**Task**
In the listing below, locate the line containing "(\int[mu]_w ((hnorm (F w)) ^+ 2)%:E)%E." and the line containing "(forall w, bounded_linear". Output both of them and every line between, exactly as written, and nothing more.
****************************************
(* Let $\Lambda=\{\Lambda_\omega\in B(\mathcal H,\mathcal K_\omega):\omega\in\Omega\}$ and $\Theta=\{\Theta_\omega\in B(\mathcal H,\mathcal K_\omega):\omega\in\Omega\}$ be two disjoint continuous $g$-frames for $\mathcal H$. Then $\{\Lambda_\omega+\Theta_\omega\in B(\mathcal H,\mathcal K_\omega):\omega\in\Omega\}$ is a continuous $g$-frame for $\mathcal H$.
   Context: $\mathcal H$ is a complex Hilbert space, $(\Omega,\mu)$ a measure space with positive measure $\mu$, and $\{\mathcal K_\omega:\omega\in\Omega\}$ a family of complex Hilbert spaces. A map $F$ on $\Omega$ with $F(\omega)\in\mathcal K_\omega$ is strongly measurable if it is measurable as a map $\Omega\to\bigoplus_\omega\mathcal K_\omega$; $\widehat{\mathcal K}$ is the Hilbert space of strongly measurable such $F$ with $\int_\Omega\|F(\omega)\|^2d\mu<\infty$, inner product $\langle F,G\rangle=\int_\Omega\langle F(\omega),G(\omega)\rangle d\mu$. A family $\Lambda=\{\Lambda_\omega\in B(\mathcal H,\mathcal K_\omega)\}$ is a continuous $g$-frame for $\mathcal H$ if $\omega\mapsto\Lambda_\omega f$ is strongly measurable for each $f$ and there are $0<A\le B<\infty$ with $A\|f\|^2\le\int_\Omega\|\Lambda_\omega f\|^2d\mu(\omega)\le B\|f\|^2$ for all $f\in\mathcal H$. Its analysis operator $T_\Lambda^*:\mathcal H\to\widehat{\mathcal K}$ is $(T_\Lambda^*f)(\omega)=\Lambda_\omega f$. Two continuous $g$-frames $\Lambda,\Theta$ are disjoint if $\mathrm{Range}\,T_\Lambda^*\cap\mathrm{Range}\,T_\Theta^*=\{0\}$ and $\mathrm{Range}\,T_\Lambda^*+\mathrm{Range}\,T_\Theta^*$ is a closed subspace of $\widehat{\mathcal K}$. *)

From HB Require Import structures.
From mathcomp Require Import all_boot all_order all_algebra complex.
From mathcomp Require Import all_classical all_reals all_analysis.
Import Order.TTheory GRing.Theory Num.Theory.

Set Implicit Arguments.
Unset Strict Implicit.
Unset Printing Implicit Defensive.

Local Open Scope classical_set_scope.
Local Open Scope ring_scope.

HB.mixin Record Lmodule_isComplexInner (R : realType) V
    of GRing.Lmodule R[i] V := {
  cinner : V -> V -> R[i];
  cinnerDl : forall (a : R[i]) (x y z : V),
      cinner (a *: x + y) z = a * cinner x z + cinner y z;
  cinnerC : forall x y : V, cinner x y = (cinner y x)^*;
  cinner_ge0 : forall x : V, 0 <= cinner x x;
  cinner_eq0 : forall x : V, cinner x x = 0 -> x = 0
}.

#[short(type="preHilbertType")]
HB.structure Definition PreHilbert (R : realType) :=
  {V of Lmodule_isComplexInner R V & GRing.Lmodule R[i] V}.

Definition hnorm (R : realType) (V : preHilbertType R) (x : V) : R :=
  Num.sqrt (complex.Re (cinner x x)).

Definition hcauchy (R : realType) (V : preHilbertType R) (u : nat -> V) :=
  forall e : R, 0 < e -> exists N : nat, forall m n : nat,
    (N <= m)%N -> (N <= n)%N -> hnorm (u m - u n) < e.

Definition hconverges (R : realType) (V : preHilbertType R) (u : nat -> V)
    (l : V) :=
  forall e : R, 0 < e -> exists N : nat, forall n : nat,
    (N <= n)%N -> hnorm (u n - l) < e.

HB.mixin Record PreHilbert_isComplete (R : realType) V
    of PreHilbert R V := {
  hcomplete : forall u : nat -> V, hcauchy u -> exists l : V, hconverges u l
}.

#[short(type="hilbertType")]
HB.structure Definition Hilbert (R : realType) :=
  {V of PreHilbert_isComplete R V & PreHilbert R V}.

Section Defs.
Variable R : realType.

Definition hopen (V : preHilbertType R) (U : set V) :=
  forall x, U x -> exists2 e : R, 0 < e & forall y, hnorm (y - x) < e -> U y.

Definition closed_subspace (V : preHilbertType R) (S : set V) :=
  S 0 /\ (forall (a : R[i]) x y, S x -> S y -> S (a *: x + y)) /\
  (forall (u : nat -> V) (l : V), (forall n, S (u n)) -> hconverges u l -> S l).

Definition bounded_linear (H K : preHilbertType R) (T : H -> K) :=
  (forall (a : R[i]) (x y : H), T (a *: x + y) = a *: T x + T y) /\
  exists c : R, forall x : H, hnorm (T x) <= c * hnorm x.

Section Measure.
Context (d : measure_display) (Om : measurableType d)
        (mu : {measure set Om -> \bar R}).
Context (K : hilbertType R).

(* Borel measurability of a map Om -> K (preimages of open sets are
   measurable).  K plays the role of the (internal) direct sum of the
   K_w. *)
Definition strongly_measurable (F : Om -> K) :=
  forall U : set K, hopen U -> measurable (F @^-1` U).

Definition sq_int (F : Om -> K) : \bar R :=
  (\int[mu]_w ((hnorm (F w)) ^+ 2)%:E)%E.

(* F is a (representative of an) element of hat K *)
Definition in_hatK (Ksub : Om -> set K) (F : Om -> K) :=
  strongly_measurable F /\ (forall w, Ksub w (F w)) /\ (sq_int F < +oo)%E.

Context (H : hilbertType R).

Definition cont_gframe (Ksub : Om -> set K) (L : Om -> H -> K) :=
  (forall w, bounded_linear (L w) /\ (forall f, Ksub w (L w f))) /\
  (forall f : H, strongly_measurable (fun w => L w f)) /\
  exists A B : R, 0 < A /\ A <= B /\
    forall f : H,
      ((A * hnorm f ^+ 2)%:E <= sq_int (fun w => L w f))%E /\
      (sq_int (fun w => L w f) <= (B * hnorm f ^+ 2)%:E)%E.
****************************************
**Written response**
  (\int[mu]_w ((hnorm (F w)) ^+ 2)%:E)%E.

(* F is a (representative of an) element of hat K *)
Definition in_hatK (Ksub : Om -> set K) (F : Om -> K) :=
  strongly_measurable F /\ (forall w, Ksub w (F w)) /\ (sq_int F < +oo)%E.

Context (H : hilbertType R).

Definition cont_gframe (Ksub : Om -> set K) (L : Om -> H -> K) :=
  (forall w, bounded_linear (L w) /\ (forall f, Ksub w (L w f))) /\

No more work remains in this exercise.